Facebook-Kommentar von Heinz-Jürgen Krug

„Lokführerstreik: Friedrich Merz mischt sich ein“ [1] - „absurd, dumm und töricht“

Der Kampf um die Arbeitszeit, speziell die Länge des Arbeitstags war bereits in der ersten Hälfte des 19. Jahrhunderts ein zentraler Punkt der Auseinandersetzungen zwischen Arbeit und Kapital. 1847 wurde in England zunächst für Frauen und 13- bis 18-Jährige der 10-Stundentag eingeführt (gegen den Widerstand der damaligen Wirtschaftsliberalen).
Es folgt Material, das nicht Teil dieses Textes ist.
(* Let $k\in\mathbb{N}$. For every $\mathbf{f}=(f_1,f_2)\in (C^\infty[-1,1])^2$, \[ \operatorname{Re}\langle\tilde{\mathbf{L}}_\square\mathbf{f},\mathbf{f}\rangle_k\le-\frac12\|\mathbf{f}\|_k^2, \] where $\tilde{\mathbf{L}}_\square\mathbf{f}=\big(f_2-yf_1'-f_1(-1),\ -f_2-yf_2'+f_1''\big)$.
   Context: Sesquilinear forms on pairs of functions on $[-1,1]$: $\langle\mathbf{f},\mathbf{g}\rangle_0:=f_1(-1)\overline{g_1(-1)}+\langle f_1,g_1\rangle_{\dot H^1(-1,1)}+\langle f_2,g_2\rangle_{L^2(-1,1)}$ and $\langle\mathbf{f},\mathbf{g}\rangle_k:=\langle\mathbf{f},\mathbf{g}\rangle_0+\langle f_1,g_1\rangle_{\dot H^{k+1}(-1,1)}+\langle f_2,g_2\rangle_{\dot H^k(-1,1)}$, with $\|\mathbf{f}\|_k^2=\langle\mathbf{f},\mathbf{f}\rangle_k$. Here $f_1(-1)$ in the first component of $\tilde{\mathbf{L}}_\square\mathbf{f}$ denotes the constant function. *)

From Stdlib Require Import Reals.
From Coquelicot Require Import Coquelicot.
Open Scope R_scope.

(* Complex-valued functions of a real variable (only their values on [-1,1] matter). *)
Definition cfun := R -> C.

Definition cDn (n : nat) (f : cfun) : cfun :=
  fun x => (Derive_n (fun t => fst (f t)) n x, Derive_n (fun t => snd (f t)) n x).

Definition csmooth (f : cfun) : Prop :=
  forall (n : nat) (x : R),
    ex_derive_n (fun t => fst (f t)) n x /\ ex_derive_n (fun t => snd (f t)) n x.

Definition L2ip (f g : cfun) : C :=
  @RInt C_R_CompleteNormedModule (fun x => Cmult (f x) (Cconj (g x))) (-1) 1.

Definition Hdotip (m : nat) (f g : cfun) : C := L2ip (cDn m f) (cDn m g).

Definition cfun2 := (cfun * cfun)%type.

Definition ip0 (f g : cfun2) : C :=
  Cplus (Cplus (Cmult (fst f (-1)) (Cconj (fst g (-1))))
               (Hdotip 1 (fst f) (fst g)))
        (L2ip (snd f) (snd g)).

Definition ipk (k : nat) (f g : cfun2) : C :=
  Cplus (Cplus (ip0 f g) (Hdotip (S k) (fst f) (fst g))) (Hdotip k (snd f) (snd g)).

(* ||f||_k^2 = <f,f>_k (a real number; we take its real part). *)
Definition normk2 (k : nat) (f : cfun2) : R := fst (ipk k f f).

Definition Lsq (f : cfun2) : cfun2 :=
  (fun y => Cminus (Cminus (snd f y) (Cmult (RtoC y) (cDn 1 (fst f) y))) (fst f (-1)),
   fun y => Cplus (Cminus (Copp (snd f y)) (Cmult (RtoC y) (cDn 1 (snd f) y)))
                  (cDn 2 (fst f) y)).

From Stdlib Require Import Reals Lra Psatz FunctionalExtensionality.
From Coquelicot Require Import Coquelicot.
Open Scope R_scope.
Set Bullet Behavior "Strict Subproofs".

(* Both components of L = Lsq have real coefficients, so Re <L f, f>_k is the sum of the same real
   quantity for the real and for the imaginary part of f, and it suffices to treat a real pair
   f = (a, c).  Put P = a^(m+1) and Q = c^(m).  Since (y a')^(m) = y a^(m+1) + m a^(m), the
   order-m terms of L f are Q' - y P' - (m+1) P and P' - y Q' - (m+1) Q, and the integrand of
   their pairing with (P, Q) is  d/dy [P Q - y (P^2 + Q^2) / 2] - (m + 1/2) (P^2 + Q^2).
   Hence the order-m part of the form is
     -(m + 1/2) \int (P^2 + Q^2) - (P(1) - Q(1))^2 / 2 - (P(-1) + Q(-1))^2 / 2.
   Use this for m = 0 and m = k; the point term a(-1) (a'(-1) + c(-1) - a(-1)) combines with the
   boundary term -(a'(-1) + c(-1))^2 / 2 of order 0 into
   -a(-1)^2 / 2 - (a(-1) - a'(-1) - c(-1))^2 / 2. *)

Lemma continuous_Rplus (f g : R -> R) x :
  continuous f x -> continuous g x -> continuous (fun t => f t + g t) x.
Proof. exact (continuous_plus f g x). Qed.

Lemma continuous_Ropp (f : R -> R) x : continuous f x -> continuous (fun t => - f t) x.
Proof. exact (continuous_opp f x). Qed.

Lemma continuous_Rmult (f g : R -> R) x :
  continuous f x -> continuous g x -> continuous (fun t => f t * g t) x.
Proof. exact (continuous_mult f g x). Qed.

Lemma continuous_Rminus (f g : R -> R) x :
  continuous f x -> continuous g x -> continuous (fun t => f t - g t) x.
Proof. exact (continuous_minus f g x). Qed.

Ltac solve_continuous :=
  repeat match goal with
  | |- continuous (fun t => @?f t * @?g t) _ => apply continuous_Rmult
  | |- continuous (fun t => @?f t + @?g t) _ => apply continuous_Rplus
  | |- continuous (fun t => @?f t - @?g t) _ => apply continuous_Rminus
  | |- continuous (fun t => - @?f t) _ => apply continuous_Ropp
  | |- continuous (fun t => t) _ => apply continuous_id
  | |- continuous (fun _ => _) _ => apply continuous_const
  | H : forall x, continuous ?f x |- continuous ?f _ => apply H
  end.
Karl Marx zitiert im „Kapital Band 1“ aus einem Bericht englischer Fabrikinspektoren von 1856 die Äußerung eines Fabrikherrn: „Wenn Sie mir erlauben täglich nur 10 Minuten Überzeit arbeiten zu lassen, stecken Sie jährlich 1000 Pfd. St. in meine Tasche“. Der so gesteigerte Profit der Fabrikherren ist gleichzeitig geraubte Lebenszeit der Arbeitenden. Denn wie der gleiche Karl Marx ausführt: „Aber freie Zeit, verfügbare Zeit, ist der Reichtum selbst, teils zum Genuss der Produkte, teils zur freien Tätigkeit, die nicht wie die Arbeit durch den Zwang eines äußeren Zwecks bestimmt ist, der erfüllt werden muss.“

In Deutschland wurde im November 1918, in der Situation, in der die Kapitalvertreter - und ihre politischen Unterstützer - die Fortsetzung der Revolution und ihre Enteignung befürchteten, der 8-Stundentag bei 6 Arbeitstagen also die 48-Stundenwoche gesetzlich verankert. Teilweise in der Weimarer Republik schon durchlöchert, wurde diese Grenze nach 1933 völlig eingerissen. Die Interessen von Kapital und Kriegsvorbereitung führten bereits vor dem Beginn des 2. Weltkriegs zur völligen Pulverisierung der Regelung. Und damit zu Zuständen die Rüdiger Hachtmann in seiner großen Studie „Industriearbeit im "Dritten Reich". Untersuchungen zu den Lohn- und Arbeitsbedingungen in Deutschland 1933-1945“ so zusammenfasste: „… daß ein großer Teil der in der metallverarbeitenden Industrie beschäftigten gelernten und angelernten Akkordarbeiter im letzten Vorkriegsjahr in vielen Fällen an die Grenzen ihrer physischen Leistungsfähigkeit gelangt war.“

Daran beteiligt war bei Opel in Rüsselsheim Heinrich Nordhoff, der dann in Kriegszeiten in den Vorstand aufrückte und im Juni 1942 als Wehrwirtschaftsführer Betriebsleiter des kriegswichtigen LKW-Werks Brandenburg wurde. Für die dort schuftenden Zwangsarbeiterinnen und Zwangsarbeiter spielten selbst die „Grenzen ihrer Leistungsfähigkeit“ keine Rolle mehr. Zumal in Nordhoffs Worten das Brandenburger Werk seinen Beitrag zum Sieg zu leisten habe, der „ebenso wie an der Front auch in den Betrieben der Rüstungsindustrie erkämpft und gewonnen werden muß“.
Ab 1948 war Nordhoff dann bei VW in Wolfsburg zunächst Generaldirektor der GmbH und ab 1960 Vorstandsvorsitzender der AG.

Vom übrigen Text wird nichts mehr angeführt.